Please copy, exactly as they appear below, the lines from the one containing "(* Take for" through the one containing "apply/le_anti/andP; split.".

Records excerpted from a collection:
──────
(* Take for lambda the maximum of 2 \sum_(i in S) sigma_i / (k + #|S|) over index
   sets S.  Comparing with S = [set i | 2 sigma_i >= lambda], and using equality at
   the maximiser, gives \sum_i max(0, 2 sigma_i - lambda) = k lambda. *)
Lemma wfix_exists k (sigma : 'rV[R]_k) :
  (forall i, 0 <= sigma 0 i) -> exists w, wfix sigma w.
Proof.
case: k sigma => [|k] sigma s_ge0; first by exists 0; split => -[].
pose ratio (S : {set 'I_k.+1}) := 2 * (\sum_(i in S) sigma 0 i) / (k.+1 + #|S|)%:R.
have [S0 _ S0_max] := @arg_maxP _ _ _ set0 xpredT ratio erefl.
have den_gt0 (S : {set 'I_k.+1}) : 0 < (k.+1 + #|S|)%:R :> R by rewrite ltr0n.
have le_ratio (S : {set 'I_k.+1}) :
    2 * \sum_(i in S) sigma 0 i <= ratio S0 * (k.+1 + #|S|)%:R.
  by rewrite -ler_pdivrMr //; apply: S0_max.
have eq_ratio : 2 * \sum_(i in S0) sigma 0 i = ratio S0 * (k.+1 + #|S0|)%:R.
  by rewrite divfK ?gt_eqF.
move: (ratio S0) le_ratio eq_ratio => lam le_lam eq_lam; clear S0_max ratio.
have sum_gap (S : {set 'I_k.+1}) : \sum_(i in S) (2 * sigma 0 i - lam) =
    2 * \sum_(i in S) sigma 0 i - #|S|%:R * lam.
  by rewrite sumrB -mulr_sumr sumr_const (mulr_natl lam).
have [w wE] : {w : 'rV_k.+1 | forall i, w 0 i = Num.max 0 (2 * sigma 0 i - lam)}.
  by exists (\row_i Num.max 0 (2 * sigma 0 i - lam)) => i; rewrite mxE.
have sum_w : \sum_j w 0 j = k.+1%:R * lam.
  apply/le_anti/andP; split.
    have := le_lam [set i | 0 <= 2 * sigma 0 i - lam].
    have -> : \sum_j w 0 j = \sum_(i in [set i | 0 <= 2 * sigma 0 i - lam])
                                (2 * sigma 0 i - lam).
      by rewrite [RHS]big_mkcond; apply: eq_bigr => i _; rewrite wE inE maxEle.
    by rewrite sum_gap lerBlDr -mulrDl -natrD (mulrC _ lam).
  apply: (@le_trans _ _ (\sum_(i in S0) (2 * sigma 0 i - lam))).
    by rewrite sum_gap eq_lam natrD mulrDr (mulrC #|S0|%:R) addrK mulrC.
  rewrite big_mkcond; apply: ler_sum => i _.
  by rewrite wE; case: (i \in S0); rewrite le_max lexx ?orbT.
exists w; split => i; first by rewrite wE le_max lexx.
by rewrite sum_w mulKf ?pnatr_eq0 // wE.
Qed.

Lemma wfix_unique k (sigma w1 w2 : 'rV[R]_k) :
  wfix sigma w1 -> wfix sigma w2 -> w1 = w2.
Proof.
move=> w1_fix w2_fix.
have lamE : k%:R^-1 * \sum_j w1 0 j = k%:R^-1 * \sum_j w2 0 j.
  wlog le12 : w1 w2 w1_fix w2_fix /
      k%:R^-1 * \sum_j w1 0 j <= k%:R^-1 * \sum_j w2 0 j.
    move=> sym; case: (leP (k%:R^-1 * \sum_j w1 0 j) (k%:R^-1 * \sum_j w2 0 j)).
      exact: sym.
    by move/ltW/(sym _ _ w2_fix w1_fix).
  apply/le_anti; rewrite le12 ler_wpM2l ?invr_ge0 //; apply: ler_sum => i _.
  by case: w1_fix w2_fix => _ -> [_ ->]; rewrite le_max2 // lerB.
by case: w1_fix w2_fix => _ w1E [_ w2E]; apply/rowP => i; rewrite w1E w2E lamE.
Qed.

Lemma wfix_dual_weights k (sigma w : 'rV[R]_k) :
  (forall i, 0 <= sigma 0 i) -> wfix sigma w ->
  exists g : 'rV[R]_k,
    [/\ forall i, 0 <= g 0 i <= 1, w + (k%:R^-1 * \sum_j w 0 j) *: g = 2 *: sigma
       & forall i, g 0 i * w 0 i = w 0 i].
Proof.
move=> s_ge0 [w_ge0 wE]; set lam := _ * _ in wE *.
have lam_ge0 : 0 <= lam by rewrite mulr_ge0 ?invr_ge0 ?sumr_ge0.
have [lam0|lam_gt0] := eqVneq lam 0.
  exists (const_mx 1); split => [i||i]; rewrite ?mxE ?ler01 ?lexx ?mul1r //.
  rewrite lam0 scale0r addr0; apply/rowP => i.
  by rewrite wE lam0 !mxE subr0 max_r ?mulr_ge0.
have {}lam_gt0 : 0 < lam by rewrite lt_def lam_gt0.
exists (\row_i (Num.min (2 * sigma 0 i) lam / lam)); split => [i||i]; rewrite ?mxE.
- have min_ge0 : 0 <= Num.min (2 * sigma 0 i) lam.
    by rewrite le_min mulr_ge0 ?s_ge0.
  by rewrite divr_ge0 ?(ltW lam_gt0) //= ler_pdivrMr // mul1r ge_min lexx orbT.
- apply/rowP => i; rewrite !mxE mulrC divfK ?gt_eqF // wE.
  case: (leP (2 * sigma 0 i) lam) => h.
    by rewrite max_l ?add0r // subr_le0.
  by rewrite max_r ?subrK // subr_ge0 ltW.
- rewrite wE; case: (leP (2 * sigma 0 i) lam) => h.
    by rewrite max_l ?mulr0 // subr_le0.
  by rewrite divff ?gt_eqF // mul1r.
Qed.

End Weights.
──────
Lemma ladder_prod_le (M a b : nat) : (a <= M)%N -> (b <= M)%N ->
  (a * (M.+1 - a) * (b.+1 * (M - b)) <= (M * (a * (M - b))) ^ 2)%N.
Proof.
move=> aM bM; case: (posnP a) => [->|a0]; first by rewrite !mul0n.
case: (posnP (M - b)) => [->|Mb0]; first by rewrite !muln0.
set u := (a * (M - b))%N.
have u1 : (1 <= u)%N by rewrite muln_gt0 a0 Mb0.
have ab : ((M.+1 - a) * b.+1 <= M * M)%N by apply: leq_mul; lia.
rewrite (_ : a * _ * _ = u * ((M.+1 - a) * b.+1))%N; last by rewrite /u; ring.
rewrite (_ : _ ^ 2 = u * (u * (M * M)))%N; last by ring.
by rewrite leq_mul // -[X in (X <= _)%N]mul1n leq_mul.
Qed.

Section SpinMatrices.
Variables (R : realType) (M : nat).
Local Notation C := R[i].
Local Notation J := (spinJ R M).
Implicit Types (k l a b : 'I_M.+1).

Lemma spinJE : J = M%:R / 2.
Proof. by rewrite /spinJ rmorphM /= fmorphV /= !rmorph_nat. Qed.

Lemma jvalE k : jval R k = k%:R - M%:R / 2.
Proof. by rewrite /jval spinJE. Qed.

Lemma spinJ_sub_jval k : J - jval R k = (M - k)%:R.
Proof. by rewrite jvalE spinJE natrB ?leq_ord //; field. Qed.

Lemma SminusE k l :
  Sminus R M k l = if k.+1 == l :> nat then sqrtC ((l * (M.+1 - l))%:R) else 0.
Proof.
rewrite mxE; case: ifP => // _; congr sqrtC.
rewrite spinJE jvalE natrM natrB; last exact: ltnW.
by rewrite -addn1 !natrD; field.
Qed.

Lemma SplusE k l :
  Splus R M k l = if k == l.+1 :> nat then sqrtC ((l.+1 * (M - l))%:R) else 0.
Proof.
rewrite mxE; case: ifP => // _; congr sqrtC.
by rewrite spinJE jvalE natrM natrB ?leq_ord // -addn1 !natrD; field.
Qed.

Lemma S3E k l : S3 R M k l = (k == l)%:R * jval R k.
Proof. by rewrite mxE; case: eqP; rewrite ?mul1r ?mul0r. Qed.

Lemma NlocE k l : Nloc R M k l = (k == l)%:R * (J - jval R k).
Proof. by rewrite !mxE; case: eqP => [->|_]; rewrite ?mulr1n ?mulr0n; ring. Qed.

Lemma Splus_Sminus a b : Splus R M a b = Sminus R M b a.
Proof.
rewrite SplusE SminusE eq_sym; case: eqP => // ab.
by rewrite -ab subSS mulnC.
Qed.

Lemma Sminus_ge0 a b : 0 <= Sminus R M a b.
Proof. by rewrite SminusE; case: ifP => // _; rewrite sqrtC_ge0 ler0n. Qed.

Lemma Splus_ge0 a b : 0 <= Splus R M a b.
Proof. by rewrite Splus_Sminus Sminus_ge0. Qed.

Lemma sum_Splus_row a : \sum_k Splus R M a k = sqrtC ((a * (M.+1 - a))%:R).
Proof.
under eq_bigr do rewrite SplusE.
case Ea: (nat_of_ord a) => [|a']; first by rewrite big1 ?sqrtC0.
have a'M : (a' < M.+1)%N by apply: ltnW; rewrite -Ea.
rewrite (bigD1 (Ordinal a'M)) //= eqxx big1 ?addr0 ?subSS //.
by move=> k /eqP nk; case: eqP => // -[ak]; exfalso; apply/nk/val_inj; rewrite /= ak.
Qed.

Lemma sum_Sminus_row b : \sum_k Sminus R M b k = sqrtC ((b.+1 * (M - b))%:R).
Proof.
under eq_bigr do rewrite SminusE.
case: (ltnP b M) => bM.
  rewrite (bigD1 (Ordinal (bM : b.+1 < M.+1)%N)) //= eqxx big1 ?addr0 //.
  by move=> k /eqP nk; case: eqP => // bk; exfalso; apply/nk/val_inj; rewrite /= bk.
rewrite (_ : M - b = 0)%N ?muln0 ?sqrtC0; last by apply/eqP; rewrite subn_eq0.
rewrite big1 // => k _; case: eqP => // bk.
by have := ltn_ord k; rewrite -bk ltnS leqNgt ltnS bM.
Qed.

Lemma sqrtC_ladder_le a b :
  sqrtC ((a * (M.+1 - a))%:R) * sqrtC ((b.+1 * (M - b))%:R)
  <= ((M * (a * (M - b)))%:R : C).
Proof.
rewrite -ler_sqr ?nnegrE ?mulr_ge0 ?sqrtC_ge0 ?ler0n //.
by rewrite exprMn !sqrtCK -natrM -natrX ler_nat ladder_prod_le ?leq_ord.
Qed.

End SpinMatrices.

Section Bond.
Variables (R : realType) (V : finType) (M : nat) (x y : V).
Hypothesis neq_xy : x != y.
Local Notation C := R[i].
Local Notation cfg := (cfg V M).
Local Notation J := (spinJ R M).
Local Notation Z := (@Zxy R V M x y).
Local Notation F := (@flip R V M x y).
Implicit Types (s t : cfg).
──────
→ **Answer to this exercise**
(* Take for lambda the maximum of 2 \sum_(i in S) sigma_i / (k + #|S|) over index
   sets S.  Comparing with S = [set i | 2 sigma_i >= lambda], and using equality at
   the maximiser, gives \sum_i max(0, 2 sigma_i - lambda) = k lambda. *)
Lemma wfix_exists k (sigma : 'rV[R]_k) :
  (forall i, 0 <= sigma 0 i) -> exists w, wfix sigma w.
Proof.
case: k sigma => [|k] sigma s_ge0; first by exists 0; split => -[].
pose ratio (S : {set 'I_k.+1}) := 2 * (\sum_(i in S) sigma 0 i) / (k.+1 + #|S|)%:R.
have [S0 _ S0_max] := @arg_maxP _ _ _ set0 xpredT ratio erefl.
have den_gt0 (S : {set 'I_k.+1}) : 0 < (k.+1 + #|S|)%:R :> R by rewrite ltr0n.
have le_ratio (S : {set 'I_k.+1}) :
    2 * \sum_(i in S) sigma 0 i <= ratio S0 * (k.+1 + #|S|)%:R.
  by rewrite -ler_pdivrMr //; apply: S0_max.
have eq_ratio : 2 * \sum_(i in S0) sigma 0 i = ratio S0 * (k.+1 + #|S0|)%:R.
  by rewrite divfK ?gt_eqF.
move: (ratio S0) le_ratio eq_ratio => lam le_lam eq_lam; clear S0_max ratio.
have sum_gap (S : {set 'I_k.+1}) : \sum_(i in S) (2 * sigma 0 i - lam) =
    2 * \sum_(i in S) sigma 0 i - #|S|%:R * lam.
  by rewrite sumrB -mulr_sumr sumr_const (mulr_natl lam).
have [w wE] : {w : 'rV_k.+1 | forall i, w 0 i = Num.max 0 (2 * sigma 0 i - lam)}.
  by exists (\row_i Num.max 0 (2 * sigma 0 i - lam)) => i; rewrite mxE.
have sum_w : \sum_j w 0 j = k.+1%:R * lam.
  apply/le_anti/andP; split.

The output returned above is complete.